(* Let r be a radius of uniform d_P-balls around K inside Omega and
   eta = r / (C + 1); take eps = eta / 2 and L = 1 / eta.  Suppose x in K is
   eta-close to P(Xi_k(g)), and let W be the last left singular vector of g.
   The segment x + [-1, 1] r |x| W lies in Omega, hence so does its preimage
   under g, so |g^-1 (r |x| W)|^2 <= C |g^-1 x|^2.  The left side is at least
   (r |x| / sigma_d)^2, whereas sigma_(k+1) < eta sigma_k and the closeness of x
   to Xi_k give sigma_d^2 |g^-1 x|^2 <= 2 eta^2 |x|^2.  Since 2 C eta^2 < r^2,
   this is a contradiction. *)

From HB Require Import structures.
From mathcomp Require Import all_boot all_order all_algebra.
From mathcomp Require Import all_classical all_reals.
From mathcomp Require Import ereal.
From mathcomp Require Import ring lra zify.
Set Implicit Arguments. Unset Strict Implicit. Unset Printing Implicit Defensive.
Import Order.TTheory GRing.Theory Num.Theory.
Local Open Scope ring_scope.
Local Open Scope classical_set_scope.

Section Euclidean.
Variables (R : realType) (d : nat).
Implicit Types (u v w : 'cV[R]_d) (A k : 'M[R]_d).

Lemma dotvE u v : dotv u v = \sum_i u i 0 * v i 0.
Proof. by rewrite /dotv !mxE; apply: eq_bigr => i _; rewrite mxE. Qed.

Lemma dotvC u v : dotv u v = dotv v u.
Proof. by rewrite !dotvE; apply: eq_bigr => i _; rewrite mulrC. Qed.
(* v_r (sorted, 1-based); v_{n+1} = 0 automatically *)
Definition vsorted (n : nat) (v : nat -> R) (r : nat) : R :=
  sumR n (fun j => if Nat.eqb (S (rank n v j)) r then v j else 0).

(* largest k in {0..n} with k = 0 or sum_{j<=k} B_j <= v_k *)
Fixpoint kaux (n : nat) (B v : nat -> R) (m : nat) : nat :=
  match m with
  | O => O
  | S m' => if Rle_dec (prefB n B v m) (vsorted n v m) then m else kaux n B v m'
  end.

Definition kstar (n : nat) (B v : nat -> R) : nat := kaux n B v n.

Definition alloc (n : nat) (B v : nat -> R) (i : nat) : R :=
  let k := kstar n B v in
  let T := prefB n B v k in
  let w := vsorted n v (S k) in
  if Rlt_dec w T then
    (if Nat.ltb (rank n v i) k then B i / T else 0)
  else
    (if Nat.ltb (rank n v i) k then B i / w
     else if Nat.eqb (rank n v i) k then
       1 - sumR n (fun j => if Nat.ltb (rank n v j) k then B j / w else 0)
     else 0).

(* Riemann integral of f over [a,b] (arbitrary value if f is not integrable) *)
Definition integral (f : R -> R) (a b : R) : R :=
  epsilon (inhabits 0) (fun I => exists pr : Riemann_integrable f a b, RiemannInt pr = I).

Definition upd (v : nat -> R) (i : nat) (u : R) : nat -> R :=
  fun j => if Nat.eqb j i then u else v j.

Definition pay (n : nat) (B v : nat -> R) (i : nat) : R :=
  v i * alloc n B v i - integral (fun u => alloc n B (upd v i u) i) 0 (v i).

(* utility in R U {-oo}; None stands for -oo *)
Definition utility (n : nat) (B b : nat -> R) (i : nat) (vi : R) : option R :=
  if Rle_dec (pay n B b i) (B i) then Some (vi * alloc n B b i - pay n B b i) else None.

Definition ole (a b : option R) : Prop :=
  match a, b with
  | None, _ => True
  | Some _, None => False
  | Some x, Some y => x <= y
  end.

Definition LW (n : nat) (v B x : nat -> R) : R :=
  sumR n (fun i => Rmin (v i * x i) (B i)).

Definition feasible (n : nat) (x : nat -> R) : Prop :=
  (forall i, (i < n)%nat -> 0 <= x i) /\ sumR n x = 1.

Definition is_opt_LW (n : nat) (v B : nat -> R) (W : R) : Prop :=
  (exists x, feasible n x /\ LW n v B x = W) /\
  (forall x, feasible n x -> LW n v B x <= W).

TASK PROMPT:
Where a line in the records above contains the word "feasible", copy that line.

ANSWER TO THE PROBLEM:
Definition feasible (n : nat) (x : nat -> R) : Prop :=
  (exists x, feasible n x /\ LW n v B x = W) /\
  (forall x, feasible n x -> LW n v B x <= W).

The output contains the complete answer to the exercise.